## DIRECTIONS FOR THIS TASK
Look through the records and copy each line that has "accepts" in it.

## Collected data
Content starts
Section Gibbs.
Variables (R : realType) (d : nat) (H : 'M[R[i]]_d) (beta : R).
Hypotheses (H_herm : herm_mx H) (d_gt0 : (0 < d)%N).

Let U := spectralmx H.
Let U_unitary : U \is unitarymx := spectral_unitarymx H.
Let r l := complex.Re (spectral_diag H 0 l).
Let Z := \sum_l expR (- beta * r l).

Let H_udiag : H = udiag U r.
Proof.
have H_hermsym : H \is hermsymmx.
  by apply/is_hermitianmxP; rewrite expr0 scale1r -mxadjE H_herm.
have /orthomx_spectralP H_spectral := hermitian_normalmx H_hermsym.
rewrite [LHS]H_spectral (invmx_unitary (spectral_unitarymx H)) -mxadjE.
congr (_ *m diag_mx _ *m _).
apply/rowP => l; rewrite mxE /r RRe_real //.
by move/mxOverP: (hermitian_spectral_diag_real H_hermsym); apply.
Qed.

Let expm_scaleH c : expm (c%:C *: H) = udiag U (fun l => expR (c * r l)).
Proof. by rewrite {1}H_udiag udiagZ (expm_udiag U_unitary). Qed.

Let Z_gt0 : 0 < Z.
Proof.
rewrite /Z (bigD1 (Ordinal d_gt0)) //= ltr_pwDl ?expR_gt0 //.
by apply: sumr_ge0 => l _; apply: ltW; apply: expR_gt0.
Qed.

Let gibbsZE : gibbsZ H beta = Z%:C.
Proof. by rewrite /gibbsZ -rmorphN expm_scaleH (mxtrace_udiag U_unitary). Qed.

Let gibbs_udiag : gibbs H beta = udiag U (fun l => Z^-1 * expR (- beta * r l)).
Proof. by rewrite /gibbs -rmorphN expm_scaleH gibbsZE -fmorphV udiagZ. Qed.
Content ends
Content starts
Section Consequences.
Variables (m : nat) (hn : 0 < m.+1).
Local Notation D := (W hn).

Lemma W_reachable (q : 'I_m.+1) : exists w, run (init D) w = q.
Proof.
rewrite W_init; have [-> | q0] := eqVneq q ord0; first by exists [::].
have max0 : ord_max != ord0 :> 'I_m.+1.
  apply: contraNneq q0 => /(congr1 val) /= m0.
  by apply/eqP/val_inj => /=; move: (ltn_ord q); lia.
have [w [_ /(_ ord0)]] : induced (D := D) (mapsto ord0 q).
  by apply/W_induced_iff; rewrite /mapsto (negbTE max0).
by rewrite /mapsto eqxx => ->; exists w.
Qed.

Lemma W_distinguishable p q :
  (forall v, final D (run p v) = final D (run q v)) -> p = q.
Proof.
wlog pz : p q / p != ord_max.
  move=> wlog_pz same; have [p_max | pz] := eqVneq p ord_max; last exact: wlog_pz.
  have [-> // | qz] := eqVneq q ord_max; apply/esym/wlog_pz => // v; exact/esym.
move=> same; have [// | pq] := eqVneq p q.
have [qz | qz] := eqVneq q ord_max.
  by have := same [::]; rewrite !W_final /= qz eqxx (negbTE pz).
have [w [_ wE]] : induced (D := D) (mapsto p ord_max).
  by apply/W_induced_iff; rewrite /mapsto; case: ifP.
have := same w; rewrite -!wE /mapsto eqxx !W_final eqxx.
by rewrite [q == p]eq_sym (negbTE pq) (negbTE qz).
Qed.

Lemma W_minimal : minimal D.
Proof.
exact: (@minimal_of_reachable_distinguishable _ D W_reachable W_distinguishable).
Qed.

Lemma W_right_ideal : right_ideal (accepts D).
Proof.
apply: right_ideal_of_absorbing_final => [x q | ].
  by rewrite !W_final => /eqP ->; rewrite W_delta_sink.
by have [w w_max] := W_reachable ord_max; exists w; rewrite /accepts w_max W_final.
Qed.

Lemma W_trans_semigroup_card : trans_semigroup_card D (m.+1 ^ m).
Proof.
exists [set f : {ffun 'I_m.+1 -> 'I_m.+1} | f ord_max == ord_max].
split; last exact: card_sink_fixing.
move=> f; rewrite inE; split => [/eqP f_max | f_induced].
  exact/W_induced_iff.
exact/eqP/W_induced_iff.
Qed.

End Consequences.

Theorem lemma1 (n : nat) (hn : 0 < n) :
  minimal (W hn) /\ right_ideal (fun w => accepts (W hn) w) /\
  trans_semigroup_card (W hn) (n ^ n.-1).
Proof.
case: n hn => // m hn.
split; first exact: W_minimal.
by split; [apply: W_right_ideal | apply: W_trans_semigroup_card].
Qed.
Content ends
## WRITTEN RESPONSE
Lemma W_right_ideal : right_ideal (accepts D).
by have [w w_max] := W_reachable ord_max; exists w; rewrite /accepts w_max W_final.
  minimal (W hn) /\ right_ideal (fun w => accepts (W hn) w) /\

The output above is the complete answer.